Как постоянно присмотренный ребенок ухитрялся это проделывать — загадка. Поначалу родители толком и не замечали, но постепенно дошло: Иви никогда не была там, где должна быть. Терялась по дороге на второй этаж, не являлась к обеду, и приходилось выковыривать ее из детской или из комнаты au pair, или же ее находили в саду без пальто. Однажды, примерно в ту пору, когда умерла наша мама, Иви не вернулась от Меган. Триста метров по сельской дороге, даже Иви разрешалось пройти их самостоятельно.

— В котором часу она ушла? — спросила Эйлин Фиону.

Обе пары родителей выскочили из домов, расселись в четыре машины и рванули на поиски. Пропажа обнаружилась почти сразу: Иви стояла у обочины, словно на воображаемой остановке, и как будто не сознавала, что ее путь домой несколько затянулся.

— Что ты делаешь, Иви?

— Просто смотрю.

Отчасти — характер. «Иви, не копайся». С трех лет Иви повадилась застревать на заднем сиденье автомобиля, никак не решаясь спрыгнуть. Любой порог — непреодолимое препятствие, всякое путешествие затруднительно не столько для Иви, сколько для окружающих, тщетно пытавшихся понять, как же она ухитряется так тянуть время.

«Пошли, Иви!» Допустим, инфантилизм, очередной способ уклониться от взросления.
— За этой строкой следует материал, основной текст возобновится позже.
Lemma realizes_exists (U V : rep_space) (g : problem U V) :
  is_rep U -> is_rep V -> exists G, realizes G g.
Proof.
  intros [HU _] [_ HV].
  set (R := fun p q => forall u, delta U p u -> pdom g u -> exists y, delta V q y /\ g u y).
  exists (pick R). intros p u Hp [y Hy]. destruct (HV y) as [q Hq].
  destruct (pick_exists R p q) as (q' & E & Hq').
  - intros u' Hu' _. rewrite (HU _ _ _ Hu' Hp). eauto.
  - exists q'. split; auto. apply Hq'; [exact Hp|exists y; exact Hy].
Qed.

(* The output of H<id, G K> at r, as in [leW], for tA = K and tB = H. *)
Definition through (tA tB : prf) (G : baire -> option baire) (r s : baire) : Prop :=
  exists q s', comp_app tA r q /\ G q = Some s' /\ comp_app tB (bpair r s') s.

Lemma through_fun tA tB G r s1 s2 : through tA tB G r s1 -> through tA tB G r s2 -> s1 = s2.
Proof.
  intros (q1 & t1 & A1 & G1 & B1) (q2 & t2 & A2 & G2 & B2).
  rewrite (comp_app_fun _ _ _ _ A1 A2), G2 in G1. injection G1 as ->.
  exact (comp_app_fun _ _ _ _ B1 B2).
Qed.

Definition reduces_via {X Y U V : rep_space} (tH tK : prf) (f : problem X Y) (g : problem U V) :=
  forall G, realizes G g -> forall p x, delta X p x -> pdom f x ->
    exists u, through tK tH G p u /\ exists y, delta Y u y /\ f x y.

Lemma leW_reduces_via {X Y U V : rep_space} (f : problem X Y) (g : problem U V) :
  leW f g <-> exists tH tK, reduces_via tH tK f g.
Proof.
  split; intros (tH & tK & Hred); exists tH, tK; intros G HG p x Hp Hx.
  - destruct (Hred G HG p x Hp Hx) as (r & Hr & s & Hs & u & Hu & Hy).
    exists u. split; [exists r, s|]; auto.
  - destruct (Hred G HG p x Hp Hx) as (u & (r & s & Hr & Hs & Hu) & Hy). eauto 10.
Qed.

Lemma leW_trans {X Y U1 V1 U2 V2 : rep_space}
    (f : problem X Y) (g1 : problem U1 V1) (g2 : problem U2 V2) :
  leW f g1 -> leW g1 g2 -> leW f g2.
Proof.
  rewrite !leW_reduces_via. intros (tH1 & tK1 & Hred1) (tH2 & tK2 & Hred2).
  exists (psubst (bpair_prog bfst_prog
            (psubst (bpair_prog (psubst bfst_prog tK1) bsnd_prog) tH2)) tH1),
    (psubst tK1 tK2).
  intros G HG p x Hp Hx.
  assert (HG1 : realizes (pick (through tK2 tH2 G)) g1).
  { intros r x1 Hr Hx1. destruct (Hred2 G HG r x1 Hr Hx1) as (u & Hu & Hy).
    exists u. split; [apply pick_unique; eauto using through_fun|exact Hy]. }
  destruct (Hred1 _ HG1 p x Hp Hx) as (u & (r & s1 & Hr & Hs1 & Hu) & Hy).
  destruct (pick_Some _ _ _ Hs1) as (q & s & Hq & Hs & Hs1').
  exists u. split; [|exact Hy].
  exists q, s. split; [eapply comp_app_psubst; eauto|split; [exact Hs|]].
  eapply comp_app_psubst; [|exact Hu].
  apply comp_app_bpair_prog; [apply comp_app_bfst_prog|].
  eapply comp_app_psubst; [|exact Hs1'].
  apply comp_app_bpair_prog; [|apply comp_app_bsnd_prog].
  eapply comp_app_psubst; [apply comp_app_bfst_prog|exact Hr].
Qed.

Lemma through_id G r s : G r = Some s -> through id_prog bsnd_prog G r s.
Proof.
  intros Hs. exists r, s.
  split; [apply comp_app_id_prog|split; [exact Hs|apply comp_app_bsnd_prog]].
Qed.

Lemma leW_ptotal {U V : rep_space} (g : problem U V) : leW g (ptotal g).
Proof.
  apply leW_reduces_via. exists bsnd_prog, id_prog. intros G HG p u Hp [v Hv].
  destruct (HG p u Hp) as (s & Hs & y & Hy & Hgy); [exists v; intros _; exact Hv|].
  exists s. split; [apply through_id, Hs|].
  exists y. split; [exact Hy|apply Hgy; exists v; exact Hv].
Qed.

Lemma leW_pcompletion {U V : rep_space} (g : problem U V) : leW g (pcompletion g).
Proof.
  apply leW_reduces_via. exists (psubst bsnd_prog minus1_prog), plus1_prog.
  intros G HG p u Hp Hu.
  destruct (HG (plus1 p) (Some u)) as (s & Hs & oy & Hoy & Hgy).
  - exists p. split; [apply minus1_plus1|exact Hp].
  - destruct Hu as [v Hv]. exists (Some v). intros _. eauto.
  - destruct (Hgy Hu) as (y & -> & Hy). destruct Hoy as (q & Hq & Hqy).
    exists q. split; [|eauto].
    exists (plus1 p), s. split; [apply comp_app_plus1_prog|split; [exact Hs|]].
    eapply comp_app_psubst; [apply comp_app_bsnd_prog|apply comp_app_minus1_prog, Hq].
Qed.

Lemma named_of_leW {X Y U V : rep_space} (f : problem X Y) (g : problem U V) p x :
  is_rep V -> delta X p x -> pdom f x -> leW f g -> exists q y, delta V q y.
Proof.
  intros [_ HV] Hp Hx (tH & tK & Hred). apply NNPP. intros Hnone.
  assert (HN : realizes (fun _ => None) g).
  { intros r u _ [y _]. destruct (HV y) as [q Hq]. exfalso; eauto. }
  destruct (Hred _ HN p x Hp Hx) as (r & _ & s & E & _). discriminate.
Qed.

Definition interval_reducible (D : closed01_set -> Prop) : Prop :=
  forall a b : R, 0 <= a -> a < b -> b <= 1 ->
    (exists A : closed01_set, D A /\ forall x, proj1_sig A x <-> a <= x <= b) /\
    leW (C01_D D) (Cab_D a b D).

Lemma unit_interval_named D : interval_reducible D ->
  exists A, delta Closed01 (fun _ => 0%nat) A /\ pdom (C01_D D) A.
Proof.
  intros HD. destruct (HD 0 1 ltac:(lra) ltac:(lra) ltac:(lra)) as [(A & HA & HAx) _].
  exists A. split.
  - simpl. rewrite closed_of_zeros. extensionality x.
    apply propositional_extensionality, HAx.
  - exists (exist _ 0 (conj (Rle_refl 0) Rle_0_1)). split; [exact HA|apply HAx; simpl; lra].
Qed.

Section Transfer.

Variables (D : closed01_set -> Prop) (HD : interval_reducible D).
Variables (U V U' V' : rep_space) (g : problem U V) (g' : problem U' V').
Variables (Genuine : baire -> Prop) (tA tB : prf).
Hypothesis realizer_g : exists G, realizes G g.
Hypothesis target_named : exists q y, delta V' q y.
Hypothesis genuine_named : forall r, Genuine r -> exists ou, delta U' r ou.
Hypothesis solved_off_genuine : forall r ou y, delta U' r ou -> ~ Genuine r -> g' ou y.
Hypothesis solved_on_genuine : forall G, realizes G g -> forall r ou, Genuine r -> delta U' r ou ->
  exists s, through tA tB G r s /\ exists y, delta V' s y /\ g' ou y.

Definition answer (G : baire -> option baire) (s0 r s : baire) : Prop :=
  (Genuine r /\ through tA tB G r s) \/ (~ Genuine r /\ s = s0).

Lemma answer_fun G s0 r s1 s2 : answer G s0 r s1 -> answer G s0 r s2 -> s1 = s2.
Proof.
  intros [[Hg H1]|[Hg ->]] [[Hg' H2]|[Hg' ->]]; try contradiction; eauto using through_fun.
Qed.

Lemma answer_named G s0 y0 r s : realizes G g -> delta V' s0 y0 ->
  answer G s0 r s -> exists y, delta V' s y.
Proof.
  intros HG Hs0 [[Hg Hs]|[_ ->]]; [|eauto].
  destruct (genuine_named r Hg) as [ou Hr].
  destruct (solved_on_genuine G HG r ou Hg Hr) as (s' & Hs' & y & Hy & _).
  rewrite (through_fun _ _ _ _ _ _ Hs Hs'). eauto.
Qed.

Lemma realizes_answer G s0 y0 : realizes G g -> delta V' s0 y0 ->
  realizes (pick (answer G s0)) g'.
Proof.
  intros HG Hs0 r ou Hr _.
  assert (Hpick : forall s, answer G s0 r s -> pick (answer G s0) r = Some s)
    by (intros s Hs; apply pick_unique; eauto using answer_fun).
  destruct (classic (Genuine r)) as [Hg|Hg].
  - destruct (solved_on_genuine G HG r ou Hg Hr) as (s & Hs & Hy).
    exists s. split; [apply Hpick; left; split|]; assumption.
  - exists s0. split; [apply Hpick; right; split; auto|].
    exists y0. split; [exact Hs0|exact (solved_off_genuine r ou y0 Hr Hg)].
Qed.

Lemma default_answer_stable tH tK : reduces_via tH tK (C01_D D) g' ->
  exists s0 y0 N c, delta V' s0 y0 /\
    forall p w, comp_app tH (bpair (pad N p) s0) w -> w 3%nat = c.
Proof.
  intros Hred.
  destruct (unit_interval_named D HD) as (A & HA & HAdom).
  destruct target_named as (q0 & y0 & Hq0).
  destruct realizer_g as [G0 HG0].
  destruct (Hred _ (realizes_answer G0 q0 y0 HG0 Hq0) _ _ HA HAdom)
    as (u0 & (r0 & s0 & _ & Hs0 & Hu0) & _).
  destruct (answer_named G0 q0 y0 r0 s0 HG0 Hq0 (pick_Some _ _ _ Hs0)) as [z0 Hz0].
  destruct (eval_continuous _ tH [3%nat] (u0 3%nat) (Hu0 3%nat)) as [N HN].
  exists s0, z0, N, (u0 3%nat). split; [exact Hz0|].
  intros p w Hw. apply (eval_det (bpair (pad N p) s0) tH [3%nat]); [apply Hw|apply HN].
  intros i Hi. unfold bpair. destruct (Nat.even i); [|reflexivity].
  rewrite pad_lt; [reflexivity|]. pose proof (Nat.le_div2_diag_l i). lia.
Qed.

Lemma leW_Cab_D_far tH tK s0 y0 N c a b :
  reduces_via tH tK (C01_D D) g' -> delta V' s0 y0 ->
  (forall p w, comp_app tH (bpair (pad N p) s0) w -> w 3%nat = c) ->
  (forall z, a <= z <= b -> / 2 ^ 3 < Rabs (Q2R (qenum c) - z)) ->
  leW (Cab_D a b D) g.
Proof.
  intros Hred Hs0 Hrun Hfar. apply leW_reduces_via.
  set (pad_fst := psubst bfst_prog (pad_prog N)).
  exists (psubst (bpair_prog pad_fst (psubst (bpair_prog (psubst pad_fst tK) bsnd_prog) tB)) tH),
    (psubst (psubst (pad_prog N) tK) tA).
  intros G HG p A Hp (xa & DA & Asub & Axa).
  assert (Hpad : delta Closed01 (pad N p) A) by (simpl in *; rewrite closed_of_pad; exact Hp).
  assert (HAdom : pdom (C01_D D) A).
  { assert (H01 : 0 <= proj1_sig xa <= 1).
    { simpl in Hp. change (proj1_sig A (proj1_sig xa)) in Axa. rewrite Hp in Axa.
      apply Axa. }
    exists (exist _ (proj1_sig xa) H01). split; assumption. }
  destruct (Hred _ (realizes_answer G s0 y0 HG Hs0) _ _ Hpad HAdom)
    as (u & (r & s' & Hr & Hs' & Hu) & y & Hy & _ & HyA).
  destruct (pick_Some _ _ _ Hs') as [[_ (q & s & Hq & Hs & Hss')]|[_ ->]].
  - exists u. split.
    + exists q, s. split; [|split; [exact Hs|]].
      * eapply comp_app_psubst; [|exact Hq].
        eapply comp_app_psubst; [apply comp_app_pad_prog|exact Hr].
      * assert (Hpf : comp_app pad_fst (bpair p s) (pad N p))
          by (eapply comp_app_psubst; [apply comp_app_bfst_prog|apply comp_app_pad_prog]).
        eapply comp_app_psubst; [|exact Hu].
        apply comp_app_bpair_prog; [exact Hpf|].
        eapply comp_app_psubst; [|exact Hss'].
        apply comp_app_bpair_prog; [|apply comp_app_bsnd_prog].
        eapply comp_app_psubst; [exact Hpf|exact Hr].
    + exists (exist _ (proj1_sig y) (Asub _ HyA)).
      split; [exact Hy|split; [exact DA|split; [exact Asub|exact HyA]]].
  - exfalso. specialize (Hy 3%nat). rewrite (Hrun p u Hu) in Hy.
    specialize (Hfar _ (Asub _ HyA)). lra.
Qed.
Но потом она убрела от матери в торговом центре «Дандрам», а когда обезумевшая Эйлин отыскала ее у фонтанов, Иви не смогла объяснить, как туда попала.

— Я… это… — бормотала она. — Я не помню…

Шон отказывался верить, что у Иви снова проблемы. Наши с ним отношения к тому времени зашли чересчур далеко, он с трудом поддерживал равновесие. И «не собирался снова проходить через все это». Он обсуждал со мной Иви по телефону в бесконечные дни после смерти Джоан, но не слушал — не мог слушать — Эйлин, когда она вновь на полную мощность запустила механизм производства паники.

— С ней все в порядке, — твердил он. — Девочка просто растет. Ничего страшного.

В субботу после летних каникул Иви не вышла к отцу из театрального кружка. Шон поминутно проверял часы и наконец зашел в кабинет, где учительница уже собирала вещи. Выяснилось, что Иви, хотя ее довезли до двери, в кружке так и не появилась. Они вдвоем прочесали здание, потом Шон решил попытать счастья снаружи. Он выскочил на улицу, побежал в горку, мимо домов, дверей, девиц, куривших на остановке, к торговому центру, спустился на первом попавшемся эскалаторе и застыл посреди атриума. Перед ним распахнулся опрокинутый мир, столько дверей, поворотов, углов — никогда прежде он не замечал, как их много.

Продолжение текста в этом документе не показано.